Saved entries
───

(* Let $\mathcal{F}:\mathcal{T}^Y\to\mathcal{T}^Z$ be a cover between trees of spheres, let $v$ be a vertex of $T^Z$ and $e\in E_v$ an edge of $T^Z$ containing $v$. Then $D_e=D_v$, where $D_v:=\sum_{v'\in F^{-1}(v)}\deg(v')$ and $D_e:=\sum_{e'\in F^{-1}(e)}\deg(e')$.
   Context: Trees are finite connected graphs without cycles (vertex set $V$, edges $2$-element subsets of $V$, $E_v$ the set of edges containing $v$); leaves are vertices of valence $1$, the others are internal vertices ($IV$). A tree marked by a finite set $X$ ($\ge3$ elements) is a tree whose set of leaves is $X$. A tree of spheres $\mathcal{T}^X$ consists of a tree $T^X$ marked by $X$ and, for each internal vertex $v$, a topological $2$-sphere $\mathcal{S}_v$ and an injection $i_v:E_v\to\mathcal{S}_v$; $X_v:=i_v(E_v)$. A cover $\mathcal{F}:\mathcal{T}^Y\to\mathcal{T}^Z$ consists of a map $F:T^Y\to T^Z$ sending vertices to vertices and each edge $\{v,w\}$ to the edge $\{F(v),F(w)\}$, with $F(Y)\subseteq Z$ and $F(IV^Y)\subseteq IV^Z$, and for each $v\in IV^Y$, $w=F(v)$, a topological branched covering $f_v:\mathcal{S}_v\to\mathcal{S}_w$ such that (a) $f_v:\mathcal{S}_v\setminus Y_v\to\mathcal{S}_w\setminus Z_w$ is a covering map, (b) $f_v\circ i_v=i_w\circ F$ on $E_v$, (c) for an edge $e=\{v_1,v_2\}$ between internal vertices, $\deg_{i_{v_1}(e)}f_{v_1}=\deg_{i_{v_2}(e)}f_{v_2}$. Degrees: $\deg(v)=\deg f_v$ for internal $v$; for an edge $e$ with an internal endpoint $v$, $\deg(e)=\deg_{i_v(e)}f_v$ (well defined by (c)); for a leaf $y$ with its edge $e$, $\deg(y)=\deg(e)$. *)

From HB Require Import structures.
From mathcomp Require Import all_boot all_order all_algebra.
From mathcomp Require Import all_classical all_reals all_analysis.
From mathcomp Require Import Rstruct Rstruct_topology.
Set Implicit Arguments. Unset Strict Implicit. Unset Printing Implicit Defensive.
Import Order.TTheory GRing.Theory Num.Theory.
Local Open Scope classical_set_scope.
Local Open Scope ring_scope.

Notation RR := Rdefinitions.R.

Definition homeo {X Y : topologicalType} (A : set X) (B : set Y) (phi : X -> Y) : Prop :=
  [/\ {within A, continuous phi}, (forall x, A x -> B (phi x)) &
   exists psi : Y -> X,
     [/\ {within B, continuous psi}, (forall y, B y -> A (psi y)),
         (forall x, A x -> psi (phi x) = x) & (forall y, B y -> phi (psi y) = y)]].

Definition sphere2 : set ((RR * RR) * RR) :=
  [set p | p.1.1 ^+ 2 + p.1.2 ^+ 2 + p.2 ^+ 2 = 1].

Definition is_sphere (S : topologicalType) : Prop :=
  exists phi : S -> (RR * RR) * RR, homeo setT sphere2 phi.

(* the complex plane as R^2, with complex multiplication and powers *)
Definition cmul (z w : RR * RR) : RR * RR :=
  (z.1 * w.1 - z.2 * w.2, z.1 * w.2 + z.2 * w.1).
Definition cpow (z : RR * RR) (d : nat) : RR * RR := iter d (cmul z) (1, 0).
Definition disk : set (RR * RR) := [set z | z.1 ^+ 2 + z.2 ^+ 2 < 1].

Definition local_deg {S T : topologicalType} (f : S -> T) (x : S) (d : nat) : Prop :=
  (0 < d)%N /\
  exists (U : set S) (V : set T) (phi : S -> RR * RR) (psi : T -> RR * RR),
    [/\ [/\ open U, U x, open V & f @` U `<=` V],
        homeo U disk phi /\ homeo V disk psi,
        phi x = (0, 0), psi (f x) = (0, 0) &
        forall u, U u -> psi (f u) = cpow (phi u) d].

Definition ldeg {S T : topologicalType} (f : S -> T) (x : S) : nat :=
  xget 0%N [set d | local_deg f x d].

Definition branched_cover {S T : topologicalType} (f : S -> T) : Prop :=
  continuous f /\ forall x, exists d, local_deg f x d.

Definition fiber_card {S T : topologicalType} (f : S -> T) (y : T) (d : nat) : Prop :=
  exists s : seq S, [/\ uniq s, (forall x, f x = y <-> x \in s) & size s = d].
Lemma contr_laplace h (w : dform) xs ys :
  contr (laplace h w) xs ys =
  \tr h * w xs ys - contr_y h w xs ys - contr_x h w xs ys + laplace h (contr w) xs ys.
Proof.
rewrite /contr; under eq_bigr => j _ do rewrite laplace_cons_xy.
rewrite big_split /= !sumrB; congr (_ - _ - _ + _).
- by rewrite -mulr_suml -mxtrace_bilin.
- rewrite exchange_big; apply: eq_bigr => b _; rewrite mulr_sumr.
  by apply: eq_bigr => j _; rewrite !mulrA.
- rewrite exchange_big; apply: eq_bigr => a _; rewrite mulr_sumr.
  by apply: eq_bigr => j _; rewrite !mulrA.
- rewrite exchange_big; apply: eq_bigr => a _; rewrite exchange_big; apply: eq_bigr => b _.
  by rewrite mulr_sumr.
Qed.

Lemma contr_y_laplace g h (w : dform) xs ys :
  contr_y h (laplace g w) xs ys = laplace (g *m h) w xs ys + laplace g (contr_y h w) xs ys.
Proof.
pose F a u v r := \sum_(j < n)
  bilin h (e j) u * bilin g (nth 0 xs a) v * w (rem_nth a xs) (e j :: r).
have cross : laplace g (contr_y h w) xs ys
    = \sum_(0 <= a < size xs) (-1) ^+ a * alt_pair_sum 0 ys (fun u v => F a v u).
  apply: eq_bigr => a _; rewrite mulr_sumr; apply: eq_bigr => b _.
  rewrite !mulr_sumr; apply: eq_bigr => c _; rewrite !mulr_sumr; apply: eq_bigr => j _.
  by rewrite !exprD; ring.
have direct : contr_y h (laplace g w) xs ys = laplace (g *m h) w xs ys
    - \sum_(0 <= a < size xs) (-1) ^+ a * alt_pair_sum 0 ys (F a).
  rewrite /contr_y.
  under eq_bigr => b _ do under eq_bigr => j _ do rewrite laplace_cons_y mulrBr.
  under eq_bigr => b _ do rewrite sumrB mulrBr.
  rewrite sumrB; congr (_ - _).
    rewrite /laplace [RHS]exchange_big; apply: eq_bigr => b _.
    under [RHS]eq_bigr => a _ do rewrite -bilin_mulmx mulr_sumr mulr_suml.
    rewrite big_distrr /=; under eq_bigr => j _ do rewrite !big_distrr /=.
    rewrite exchange_big; apply: eq_bigr => a _; apply: eq_bigr => j _.
    by rewrite exprD; ring.
  rewrite /alt_pair_sum; under [RHS]eq_bigr => a _ do rewrite big_distrr /=.
  rewrite [RHS]exchange_big; apply: eq_bigr => b _.
  rewrite big_distrr /=; under eq_bigr => j _ do rewrite !big_distrr /=.
  rewrite exchange_big; apply: eq_bigr => a _.
  under eq_bigr => j _ do rewrite !big_distrr /=.
  rewrite exchange_big big_distrr /=; apply: eq_bigr => c _.
  rewrite /F !big_distrr /=; apply: eq_bigr => j _.
  by rewrite !exprD; ring.
rewrite direct cross; under [in RHS]eq_bigr => a _ do rewrite alt_pair_sum_swap mulrN.
by rewrite sumrN.
Qed.

Lemma contr_y_dprods h (L : seq 'M[R]_n) xs ys : size ys = size L ->
  contr_y h (dprods L) xs ys
  = \sum_(0 <= l < size L) dprods (bcomp h (nth 0 L l) :: rem_nth l L) xs ys.
Proof.
elim: L xs ys => [|g L IHL] xs ys size_ys; first by rewrite /contr_y size_ys !big_geq.
transitivity (contr_y h (laplace g (dprods L)) xs ys).
  by apply: eq_bigr => b _; congr (_ * _); apply: eq_bigr => j _; rewrite dprods_cons.
rewrite contr_y_laplace -dprods_cons /= big_nat_recl // rem_nth0; congr (_ + _).
transitivity (laplace g (fun xs ys => \sum_(0 <= l < size L)
    dprods (bcomp h (nth 0 L l) :: rem_nth l L) xs ys) xs ys).
  by apply: laplace_ext => a b _ lt_b; rewrite IHL // size_rem_nth // size_ys.
rewrite laplace_sum; apply: eq_bigr => l _.
by rewrite -dprods_cons dprods_consC.
Qed.

Lemma contr_x_trmx h (w : dform) xs ys :
  contr_x h w xs ys = contr_y h^T (fun ys xs => w xs ys) ys xs.
Proof.
by apply: eq_bigr => a _; congr (_ * _); apply: eq_bigr => j _; rewrite bilin_trmx.
Qed.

───

REQUIRED WORK
Determine how many lines of the records hold the word "continuous", giving only that number.

SOLUTION
3